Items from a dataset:
-----

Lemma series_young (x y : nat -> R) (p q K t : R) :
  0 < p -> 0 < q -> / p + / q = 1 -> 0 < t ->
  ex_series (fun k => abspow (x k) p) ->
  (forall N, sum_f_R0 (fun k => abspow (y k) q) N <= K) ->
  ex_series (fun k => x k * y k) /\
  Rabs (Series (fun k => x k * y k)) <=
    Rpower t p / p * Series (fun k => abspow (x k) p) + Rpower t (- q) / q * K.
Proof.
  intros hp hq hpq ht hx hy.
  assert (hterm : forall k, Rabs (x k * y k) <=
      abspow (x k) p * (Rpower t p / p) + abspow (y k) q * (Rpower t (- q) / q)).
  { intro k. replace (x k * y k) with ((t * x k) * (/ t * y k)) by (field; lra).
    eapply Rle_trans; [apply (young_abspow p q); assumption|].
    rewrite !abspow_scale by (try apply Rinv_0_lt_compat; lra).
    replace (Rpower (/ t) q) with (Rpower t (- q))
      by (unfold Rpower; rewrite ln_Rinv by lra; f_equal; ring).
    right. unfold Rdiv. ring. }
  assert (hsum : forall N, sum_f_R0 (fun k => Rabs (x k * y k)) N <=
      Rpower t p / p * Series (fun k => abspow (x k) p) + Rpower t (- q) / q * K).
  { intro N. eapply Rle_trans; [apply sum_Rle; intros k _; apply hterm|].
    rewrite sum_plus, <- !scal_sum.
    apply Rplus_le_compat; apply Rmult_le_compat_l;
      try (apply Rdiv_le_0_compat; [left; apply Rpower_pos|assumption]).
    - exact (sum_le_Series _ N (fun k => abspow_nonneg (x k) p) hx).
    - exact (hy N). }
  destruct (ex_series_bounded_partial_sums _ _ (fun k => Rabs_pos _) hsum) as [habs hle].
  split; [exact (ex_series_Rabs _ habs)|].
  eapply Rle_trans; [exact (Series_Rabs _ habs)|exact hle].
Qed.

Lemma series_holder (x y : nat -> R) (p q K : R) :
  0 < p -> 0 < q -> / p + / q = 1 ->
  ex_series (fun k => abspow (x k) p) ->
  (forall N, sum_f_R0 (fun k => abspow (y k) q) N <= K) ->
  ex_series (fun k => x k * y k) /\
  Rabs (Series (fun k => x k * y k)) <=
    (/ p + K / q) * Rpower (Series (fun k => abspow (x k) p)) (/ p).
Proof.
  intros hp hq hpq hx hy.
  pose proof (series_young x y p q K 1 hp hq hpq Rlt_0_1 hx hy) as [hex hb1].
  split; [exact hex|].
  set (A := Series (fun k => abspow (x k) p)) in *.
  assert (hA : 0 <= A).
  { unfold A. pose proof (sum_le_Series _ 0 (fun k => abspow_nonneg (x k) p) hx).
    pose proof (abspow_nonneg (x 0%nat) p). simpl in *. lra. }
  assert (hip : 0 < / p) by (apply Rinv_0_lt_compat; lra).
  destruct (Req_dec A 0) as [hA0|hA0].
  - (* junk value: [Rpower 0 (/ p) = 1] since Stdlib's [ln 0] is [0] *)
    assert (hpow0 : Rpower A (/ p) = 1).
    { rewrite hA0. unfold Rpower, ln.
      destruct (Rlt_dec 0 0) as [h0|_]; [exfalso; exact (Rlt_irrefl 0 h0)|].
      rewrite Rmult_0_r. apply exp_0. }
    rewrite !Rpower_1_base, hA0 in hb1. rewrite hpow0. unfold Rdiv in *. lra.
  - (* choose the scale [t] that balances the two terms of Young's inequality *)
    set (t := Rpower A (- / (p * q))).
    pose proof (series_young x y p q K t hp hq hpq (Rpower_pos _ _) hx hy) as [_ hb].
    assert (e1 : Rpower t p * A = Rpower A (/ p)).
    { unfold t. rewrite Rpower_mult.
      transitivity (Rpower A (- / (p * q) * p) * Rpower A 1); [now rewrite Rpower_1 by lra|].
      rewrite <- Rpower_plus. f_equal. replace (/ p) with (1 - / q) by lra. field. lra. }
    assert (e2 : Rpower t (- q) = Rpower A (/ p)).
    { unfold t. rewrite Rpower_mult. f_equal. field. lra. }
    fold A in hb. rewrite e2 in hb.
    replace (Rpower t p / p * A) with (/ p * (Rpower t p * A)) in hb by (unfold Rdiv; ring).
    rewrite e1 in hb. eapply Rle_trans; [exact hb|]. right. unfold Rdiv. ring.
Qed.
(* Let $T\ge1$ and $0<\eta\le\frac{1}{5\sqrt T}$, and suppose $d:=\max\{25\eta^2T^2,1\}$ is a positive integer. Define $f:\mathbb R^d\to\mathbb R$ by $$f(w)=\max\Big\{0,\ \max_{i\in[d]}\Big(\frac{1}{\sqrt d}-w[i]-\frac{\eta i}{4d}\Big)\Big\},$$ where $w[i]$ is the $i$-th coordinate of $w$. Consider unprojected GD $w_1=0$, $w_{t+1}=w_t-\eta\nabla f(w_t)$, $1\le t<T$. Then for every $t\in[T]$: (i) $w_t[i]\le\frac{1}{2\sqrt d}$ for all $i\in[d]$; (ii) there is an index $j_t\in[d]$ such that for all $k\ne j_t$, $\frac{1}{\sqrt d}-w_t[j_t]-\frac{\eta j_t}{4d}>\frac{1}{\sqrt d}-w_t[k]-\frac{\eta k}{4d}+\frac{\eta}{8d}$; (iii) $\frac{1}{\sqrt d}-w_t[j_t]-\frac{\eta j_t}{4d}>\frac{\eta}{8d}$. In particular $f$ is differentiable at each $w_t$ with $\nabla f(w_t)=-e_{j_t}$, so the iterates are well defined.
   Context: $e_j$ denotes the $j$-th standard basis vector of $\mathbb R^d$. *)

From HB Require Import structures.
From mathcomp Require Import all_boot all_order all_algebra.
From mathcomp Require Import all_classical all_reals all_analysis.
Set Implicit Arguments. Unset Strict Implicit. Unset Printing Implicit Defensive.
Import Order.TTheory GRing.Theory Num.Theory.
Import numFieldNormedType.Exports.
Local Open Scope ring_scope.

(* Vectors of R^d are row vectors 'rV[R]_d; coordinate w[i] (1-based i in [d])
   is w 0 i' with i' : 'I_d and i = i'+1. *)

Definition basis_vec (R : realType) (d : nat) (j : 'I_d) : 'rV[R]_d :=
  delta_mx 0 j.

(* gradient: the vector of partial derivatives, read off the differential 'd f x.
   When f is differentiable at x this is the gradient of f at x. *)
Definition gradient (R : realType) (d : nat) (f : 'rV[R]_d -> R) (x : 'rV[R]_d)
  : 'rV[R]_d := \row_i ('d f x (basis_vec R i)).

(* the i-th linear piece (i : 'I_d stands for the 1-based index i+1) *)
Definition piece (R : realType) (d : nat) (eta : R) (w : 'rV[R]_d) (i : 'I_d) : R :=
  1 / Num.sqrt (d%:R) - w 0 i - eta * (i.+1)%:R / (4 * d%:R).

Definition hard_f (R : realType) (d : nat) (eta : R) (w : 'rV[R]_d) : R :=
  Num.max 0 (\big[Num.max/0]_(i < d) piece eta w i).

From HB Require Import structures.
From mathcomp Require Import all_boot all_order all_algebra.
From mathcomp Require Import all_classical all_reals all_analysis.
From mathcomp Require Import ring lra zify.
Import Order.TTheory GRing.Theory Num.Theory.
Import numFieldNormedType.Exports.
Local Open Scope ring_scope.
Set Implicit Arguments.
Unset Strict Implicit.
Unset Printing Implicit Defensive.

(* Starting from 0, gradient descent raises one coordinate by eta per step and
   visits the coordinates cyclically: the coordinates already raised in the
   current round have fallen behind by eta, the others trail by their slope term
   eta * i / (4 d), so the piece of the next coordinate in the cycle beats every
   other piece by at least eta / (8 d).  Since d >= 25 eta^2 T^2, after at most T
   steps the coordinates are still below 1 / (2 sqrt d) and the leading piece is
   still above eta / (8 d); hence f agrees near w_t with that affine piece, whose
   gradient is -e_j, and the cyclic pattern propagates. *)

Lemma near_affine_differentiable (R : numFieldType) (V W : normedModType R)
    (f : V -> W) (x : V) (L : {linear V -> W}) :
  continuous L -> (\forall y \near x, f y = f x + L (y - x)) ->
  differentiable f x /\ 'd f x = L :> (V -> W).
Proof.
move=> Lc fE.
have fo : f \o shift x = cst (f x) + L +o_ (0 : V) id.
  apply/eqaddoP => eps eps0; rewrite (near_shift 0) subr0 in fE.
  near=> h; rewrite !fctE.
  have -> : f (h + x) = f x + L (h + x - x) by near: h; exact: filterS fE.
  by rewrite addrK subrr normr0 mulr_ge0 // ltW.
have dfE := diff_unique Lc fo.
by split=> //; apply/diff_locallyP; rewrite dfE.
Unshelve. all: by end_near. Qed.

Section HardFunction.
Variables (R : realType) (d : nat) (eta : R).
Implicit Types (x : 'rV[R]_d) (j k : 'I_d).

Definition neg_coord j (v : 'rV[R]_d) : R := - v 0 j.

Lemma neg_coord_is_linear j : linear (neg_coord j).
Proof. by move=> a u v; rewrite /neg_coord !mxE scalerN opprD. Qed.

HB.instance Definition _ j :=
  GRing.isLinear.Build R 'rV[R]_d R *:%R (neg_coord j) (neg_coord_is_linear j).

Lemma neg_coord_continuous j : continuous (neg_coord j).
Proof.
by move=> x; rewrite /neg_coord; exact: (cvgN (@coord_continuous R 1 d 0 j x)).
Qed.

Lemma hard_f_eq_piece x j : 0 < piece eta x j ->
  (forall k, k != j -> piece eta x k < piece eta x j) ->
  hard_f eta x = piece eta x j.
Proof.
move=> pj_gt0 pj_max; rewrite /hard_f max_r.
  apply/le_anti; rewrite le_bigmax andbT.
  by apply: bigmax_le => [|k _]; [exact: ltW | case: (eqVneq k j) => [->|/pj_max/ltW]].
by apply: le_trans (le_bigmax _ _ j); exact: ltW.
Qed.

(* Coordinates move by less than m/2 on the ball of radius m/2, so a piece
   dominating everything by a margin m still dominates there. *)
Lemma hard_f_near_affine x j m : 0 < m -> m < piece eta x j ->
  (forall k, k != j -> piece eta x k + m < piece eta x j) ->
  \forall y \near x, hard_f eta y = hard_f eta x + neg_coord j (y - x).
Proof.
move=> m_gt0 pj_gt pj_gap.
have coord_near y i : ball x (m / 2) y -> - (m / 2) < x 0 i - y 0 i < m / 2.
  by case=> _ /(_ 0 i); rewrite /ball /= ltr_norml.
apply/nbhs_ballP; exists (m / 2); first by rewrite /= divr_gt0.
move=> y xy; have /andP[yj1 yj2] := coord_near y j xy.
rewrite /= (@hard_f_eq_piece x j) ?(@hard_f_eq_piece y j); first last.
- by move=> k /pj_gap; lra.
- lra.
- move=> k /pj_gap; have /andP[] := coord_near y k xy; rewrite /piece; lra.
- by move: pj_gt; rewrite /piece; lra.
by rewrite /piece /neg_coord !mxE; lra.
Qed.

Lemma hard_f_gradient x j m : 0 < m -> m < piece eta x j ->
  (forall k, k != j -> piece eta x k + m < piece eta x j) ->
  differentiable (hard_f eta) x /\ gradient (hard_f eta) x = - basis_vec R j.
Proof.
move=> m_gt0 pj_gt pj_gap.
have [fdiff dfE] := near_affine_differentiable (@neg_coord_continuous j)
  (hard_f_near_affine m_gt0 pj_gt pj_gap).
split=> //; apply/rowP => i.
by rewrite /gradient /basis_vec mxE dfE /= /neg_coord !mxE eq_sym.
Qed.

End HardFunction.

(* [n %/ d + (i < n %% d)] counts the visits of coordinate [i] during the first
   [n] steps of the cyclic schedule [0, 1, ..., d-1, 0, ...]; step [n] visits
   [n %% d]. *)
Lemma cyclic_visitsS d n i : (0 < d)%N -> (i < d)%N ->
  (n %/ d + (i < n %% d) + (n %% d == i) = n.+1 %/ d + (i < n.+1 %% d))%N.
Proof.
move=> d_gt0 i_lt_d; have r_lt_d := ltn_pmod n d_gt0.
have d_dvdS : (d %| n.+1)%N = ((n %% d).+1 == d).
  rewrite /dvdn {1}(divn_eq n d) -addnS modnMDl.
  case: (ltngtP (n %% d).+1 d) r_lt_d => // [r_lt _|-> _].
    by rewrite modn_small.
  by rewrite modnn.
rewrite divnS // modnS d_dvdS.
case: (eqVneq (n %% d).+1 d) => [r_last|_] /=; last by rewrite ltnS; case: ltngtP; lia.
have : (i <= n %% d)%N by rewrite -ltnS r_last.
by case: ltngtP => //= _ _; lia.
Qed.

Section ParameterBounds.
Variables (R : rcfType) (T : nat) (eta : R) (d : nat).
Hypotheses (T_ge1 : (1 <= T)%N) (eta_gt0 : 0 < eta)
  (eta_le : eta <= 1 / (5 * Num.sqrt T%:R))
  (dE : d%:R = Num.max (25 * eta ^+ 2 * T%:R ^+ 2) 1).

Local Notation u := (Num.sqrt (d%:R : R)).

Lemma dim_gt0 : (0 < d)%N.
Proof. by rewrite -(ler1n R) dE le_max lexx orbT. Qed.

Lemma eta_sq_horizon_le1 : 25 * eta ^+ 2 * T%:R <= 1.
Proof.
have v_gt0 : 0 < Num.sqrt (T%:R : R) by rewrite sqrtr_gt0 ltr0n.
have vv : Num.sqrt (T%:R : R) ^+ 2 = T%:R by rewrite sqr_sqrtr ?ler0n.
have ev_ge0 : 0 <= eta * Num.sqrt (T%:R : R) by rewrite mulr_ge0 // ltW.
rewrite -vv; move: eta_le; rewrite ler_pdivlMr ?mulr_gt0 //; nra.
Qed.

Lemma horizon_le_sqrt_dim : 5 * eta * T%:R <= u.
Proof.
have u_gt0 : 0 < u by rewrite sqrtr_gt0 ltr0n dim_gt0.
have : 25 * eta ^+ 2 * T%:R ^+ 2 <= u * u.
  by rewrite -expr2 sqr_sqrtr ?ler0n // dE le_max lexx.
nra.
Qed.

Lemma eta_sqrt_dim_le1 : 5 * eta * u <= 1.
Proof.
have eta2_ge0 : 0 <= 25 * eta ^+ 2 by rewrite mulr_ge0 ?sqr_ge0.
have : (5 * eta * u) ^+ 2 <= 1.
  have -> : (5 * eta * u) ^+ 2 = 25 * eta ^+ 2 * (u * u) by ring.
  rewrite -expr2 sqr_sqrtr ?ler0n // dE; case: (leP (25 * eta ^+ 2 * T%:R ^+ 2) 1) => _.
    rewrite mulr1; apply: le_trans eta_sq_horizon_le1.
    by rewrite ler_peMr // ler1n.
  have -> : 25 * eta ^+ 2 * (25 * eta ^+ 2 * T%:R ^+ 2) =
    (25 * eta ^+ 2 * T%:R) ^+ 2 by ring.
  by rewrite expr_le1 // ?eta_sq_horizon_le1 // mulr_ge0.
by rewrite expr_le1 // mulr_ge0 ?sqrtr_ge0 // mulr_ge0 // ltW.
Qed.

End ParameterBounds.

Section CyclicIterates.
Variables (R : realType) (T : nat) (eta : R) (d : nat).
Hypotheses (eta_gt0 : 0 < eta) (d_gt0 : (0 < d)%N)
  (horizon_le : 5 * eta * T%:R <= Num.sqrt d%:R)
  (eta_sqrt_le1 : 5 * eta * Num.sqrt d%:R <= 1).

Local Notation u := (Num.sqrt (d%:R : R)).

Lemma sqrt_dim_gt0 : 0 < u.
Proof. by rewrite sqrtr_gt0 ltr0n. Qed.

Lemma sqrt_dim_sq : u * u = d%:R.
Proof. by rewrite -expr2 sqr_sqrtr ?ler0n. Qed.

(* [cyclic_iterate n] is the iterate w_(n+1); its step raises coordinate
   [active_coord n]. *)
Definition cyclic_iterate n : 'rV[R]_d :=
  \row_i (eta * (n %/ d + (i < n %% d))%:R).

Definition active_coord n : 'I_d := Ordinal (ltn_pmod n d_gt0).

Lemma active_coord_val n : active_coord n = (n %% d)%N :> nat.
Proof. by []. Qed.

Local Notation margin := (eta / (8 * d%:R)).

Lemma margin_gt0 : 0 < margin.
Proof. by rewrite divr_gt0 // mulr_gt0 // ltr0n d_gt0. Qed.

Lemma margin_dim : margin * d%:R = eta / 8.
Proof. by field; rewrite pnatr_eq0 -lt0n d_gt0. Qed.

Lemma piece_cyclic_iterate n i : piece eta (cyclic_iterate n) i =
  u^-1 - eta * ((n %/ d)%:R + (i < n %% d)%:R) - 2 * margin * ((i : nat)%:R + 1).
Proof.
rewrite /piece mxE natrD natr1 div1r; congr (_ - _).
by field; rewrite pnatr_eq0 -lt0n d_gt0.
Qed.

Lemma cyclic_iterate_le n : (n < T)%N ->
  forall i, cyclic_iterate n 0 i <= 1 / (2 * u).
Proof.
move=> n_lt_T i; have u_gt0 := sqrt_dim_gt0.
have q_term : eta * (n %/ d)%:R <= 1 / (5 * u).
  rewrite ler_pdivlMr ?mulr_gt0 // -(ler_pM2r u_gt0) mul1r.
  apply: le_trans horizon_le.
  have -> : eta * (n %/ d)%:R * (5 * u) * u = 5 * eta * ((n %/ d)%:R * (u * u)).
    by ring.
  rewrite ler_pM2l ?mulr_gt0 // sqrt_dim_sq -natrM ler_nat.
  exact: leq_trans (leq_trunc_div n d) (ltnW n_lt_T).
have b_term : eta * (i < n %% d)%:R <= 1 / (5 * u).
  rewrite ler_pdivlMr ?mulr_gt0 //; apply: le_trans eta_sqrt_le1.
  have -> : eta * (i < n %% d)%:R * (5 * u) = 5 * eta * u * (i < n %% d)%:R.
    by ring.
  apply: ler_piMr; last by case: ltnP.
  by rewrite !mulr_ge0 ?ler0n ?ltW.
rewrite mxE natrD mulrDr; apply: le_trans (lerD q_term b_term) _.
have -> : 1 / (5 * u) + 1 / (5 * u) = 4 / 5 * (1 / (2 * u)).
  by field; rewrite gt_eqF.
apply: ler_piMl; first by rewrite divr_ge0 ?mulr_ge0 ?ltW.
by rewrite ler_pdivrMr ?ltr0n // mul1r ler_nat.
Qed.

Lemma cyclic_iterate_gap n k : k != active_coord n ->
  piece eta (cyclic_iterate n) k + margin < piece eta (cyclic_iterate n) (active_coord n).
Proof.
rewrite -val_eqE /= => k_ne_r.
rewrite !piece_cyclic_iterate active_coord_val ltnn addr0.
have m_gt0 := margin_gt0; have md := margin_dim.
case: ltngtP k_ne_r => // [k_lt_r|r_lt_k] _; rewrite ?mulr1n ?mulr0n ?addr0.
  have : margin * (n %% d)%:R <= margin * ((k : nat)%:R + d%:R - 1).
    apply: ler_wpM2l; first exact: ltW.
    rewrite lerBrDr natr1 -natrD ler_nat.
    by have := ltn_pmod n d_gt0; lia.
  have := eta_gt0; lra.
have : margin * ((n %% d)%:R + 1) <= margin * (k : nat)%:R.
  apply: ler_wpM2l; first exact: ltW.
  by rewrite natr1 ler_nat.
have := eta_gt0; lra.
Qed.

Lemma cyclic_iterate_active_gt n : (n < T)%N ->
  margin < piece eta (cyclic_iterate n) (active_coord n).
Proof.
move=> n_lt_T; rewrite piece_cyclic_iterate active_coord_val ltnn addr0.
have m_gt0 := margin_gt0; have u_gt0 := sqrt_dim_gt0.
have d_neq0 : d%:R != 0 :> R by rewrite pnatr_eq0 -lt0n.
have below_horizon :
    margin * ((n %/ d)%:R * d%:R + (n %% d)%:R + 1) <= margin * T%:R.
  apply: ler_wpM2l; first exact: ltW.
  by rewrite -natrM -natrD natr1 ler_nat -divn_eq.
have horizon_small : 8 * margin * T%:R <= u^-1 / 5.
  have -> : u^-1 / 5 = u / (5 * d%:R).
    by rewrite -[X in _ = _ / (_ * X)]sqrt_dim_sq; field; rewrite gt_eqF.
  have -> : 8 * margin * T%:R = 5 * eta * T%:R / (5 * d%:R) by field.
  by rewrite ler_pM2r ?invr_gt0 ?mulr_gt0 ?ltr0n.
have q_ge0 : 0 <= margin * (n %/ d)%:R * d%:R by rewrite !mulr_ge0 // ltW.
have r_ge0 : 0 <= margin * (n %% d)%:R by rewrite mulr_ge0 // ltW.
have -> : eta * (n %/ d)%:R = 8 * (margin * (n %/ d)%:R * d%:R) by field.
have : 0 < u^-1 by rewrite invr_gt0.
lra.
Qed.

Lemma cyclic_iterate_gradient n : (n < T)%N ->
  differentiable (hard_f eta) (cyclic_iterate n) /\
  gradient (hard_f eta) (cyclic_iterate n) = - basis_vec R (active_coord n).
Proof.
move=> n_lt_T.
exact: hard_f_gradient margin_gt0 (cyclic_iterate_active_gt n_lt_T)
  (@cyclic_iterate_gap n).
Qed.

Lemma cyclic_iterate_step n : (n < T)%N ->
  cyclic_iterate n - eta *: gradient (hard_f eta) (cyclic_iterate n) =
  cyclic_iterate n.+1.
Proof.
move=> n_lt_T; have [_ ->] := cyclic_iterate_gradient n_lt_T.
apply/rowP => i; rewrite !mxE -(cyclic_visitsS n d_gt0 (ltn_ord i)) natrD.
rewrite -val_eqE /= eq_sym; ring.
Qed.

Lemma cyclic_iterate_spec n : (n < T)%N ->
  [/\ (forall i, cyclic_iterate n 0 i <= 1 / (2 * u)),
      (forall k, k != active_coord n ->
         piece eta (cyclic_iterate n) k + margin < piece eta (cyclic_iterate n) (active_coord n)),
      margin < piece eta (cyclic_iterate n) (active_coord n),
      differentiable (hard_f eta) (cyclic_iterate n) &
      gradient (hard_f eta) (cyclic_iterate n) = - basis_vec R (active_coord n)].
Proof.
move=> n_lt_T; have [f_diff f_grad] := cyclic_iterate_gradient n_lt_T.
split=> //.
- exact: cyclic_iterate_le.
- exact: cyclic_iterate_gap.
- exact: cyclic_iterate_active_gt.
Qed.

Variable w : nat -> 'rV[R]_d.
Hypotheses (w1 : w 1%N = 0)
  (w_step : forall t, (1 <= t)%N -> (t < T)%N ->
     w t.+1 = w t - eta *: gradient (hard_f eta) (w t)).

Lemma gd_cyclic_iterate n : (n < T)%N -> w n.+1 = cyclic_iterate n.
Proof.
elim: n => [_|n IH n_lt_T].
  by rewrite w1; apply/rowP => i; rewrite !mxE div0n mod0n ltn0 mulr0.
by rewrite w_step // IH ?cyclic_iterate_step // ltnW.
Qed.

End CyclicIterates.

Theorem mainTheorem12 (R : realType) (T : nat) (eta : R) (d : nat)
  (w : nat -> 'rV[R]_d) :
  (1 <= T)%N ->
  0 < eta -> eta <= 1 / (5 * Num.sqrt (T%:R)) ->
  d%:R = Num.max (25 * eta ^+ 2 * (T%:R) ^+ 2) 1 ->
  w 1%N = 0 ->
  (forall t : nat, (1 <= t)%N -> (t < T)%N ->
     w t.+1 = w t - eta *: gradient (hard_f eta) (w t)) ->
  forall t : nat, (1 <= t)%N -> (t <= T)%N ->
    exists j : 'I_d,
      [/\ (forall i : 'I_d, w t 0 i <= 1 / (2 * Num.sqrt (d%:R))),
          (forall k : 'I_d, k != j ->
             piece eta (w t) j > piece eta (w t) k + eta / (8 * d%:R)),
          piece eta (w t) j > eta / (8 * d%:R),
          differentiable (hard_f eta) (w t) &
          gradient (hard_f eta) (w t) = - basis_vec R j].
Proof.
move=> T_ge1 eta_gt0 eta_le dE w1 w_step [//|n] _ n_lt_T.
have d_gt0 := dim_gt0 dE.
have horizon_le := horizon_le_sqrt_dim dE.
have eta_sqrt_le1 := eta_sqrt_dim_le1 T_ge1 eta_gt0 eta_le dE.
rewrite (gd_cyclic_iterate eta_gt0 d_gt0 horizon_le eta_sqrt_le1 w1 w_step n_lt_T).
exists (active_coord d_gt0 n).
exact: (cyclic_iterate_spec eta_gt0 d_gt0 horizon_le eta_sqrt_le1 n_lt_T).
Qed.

-----

Brief = Please reproduce, exactly as written, the lines of the records from the first line through the one containing "pose proof (series_young x y p q K 1".

Reply =
Lemma series_young (x y : nat -> R) (p q K t : R) :
  0 < p -> 0 < q -> / p + / q = 1 -> 0 < t ->
  ex_series (fun k => abspow (x k) p) ->
  (forall N, sum_f_R0 (fun k => abspow (y k) q) N <= K) ->
  ex_series (fun k => x k * y k) /\
  Rabs (Series (fun k => x k * y k)) <=
    Rpower t p / p * Series (fun k => abspow (x k) p) + Rpower t (- q) / q * K.
Proof.
  intros hp hq hpq ht hx hy.
  assert (hterm : forall k, Rabs (x k * y k) <=
      abspow (x k) p * (Rpower t p / p) + abspow (y k) q * (Rpower t (- q) / q)).
  { intro k. replace (x k * y k) with ((t * x k) * (/ t * y k)) by (field; lra).
    eapply Rle_trans; [apply (young_abspow p q); assumption|].
    rewrite !abspow_scale by (try apply Rinv_0_lt_compat; lra).
    replace (Rpower (/ t) q) with (Rpower t (- q))
      by (unfold Rpower; rewrite ln_Rinv by lra; f_equal; ring).
    right. unfold Rdiv. ring. }
  assert (hsum : forall N, sum_f_R0 (fun k => Rabs (x k * y k)) N <=
      Rpower t p / p * Series (fun k => abspow (x k) p) + Rpower t (- q) / q * K).
  { intro N. eapply Rle_trans; [apply sum_Rle; intros k _; apply hterm|].
    rewrite sum_plus, <- !scal_sum.
    apply Rplus_le_compat; apply Rmult_le_compat_l;
      try (apply Rdiv_le_0_compat; [left; apply Rpower_pos|assumption]).
    - exact (sum_le_Series _ N (fun k => abspow_nonneg (x k) p) hx).
    - exact (hy N). }
  destruct (ex_series_bounded_partial_sums _ _ (fun k => Rabs_pos _) hsum) as [habs hle].
  split; [exact (ex_series_Rabs _ habs)|].
  eapply Rle_trans; [exact (Series_Rabs _ habs)|exact hle].
Qed.

Lemma series_holder (x y : nat -> R) (p q K : R) :
  0 < p -> 0 < q -> / p + / q = 1 ->
  ex_series (fun k => abspow (x k) p) ->
  (forall N, sum_f_R0 (fun k => abspow (y k) q) N <= K) ->
  ex_series (fun k => x k * y k) /\
  Rabs (Series (fun k => x k * y k)) <=
    (/ p + K / q) * Rpower (Series (fun k => abspow (x k) p)) (/ p).
Proof.
  intros hp hq hpq hx hy.
  pose proof (series_young x y p q K 1 hp hq hpq Rlt_0_1 hx hy) as [hex hb1].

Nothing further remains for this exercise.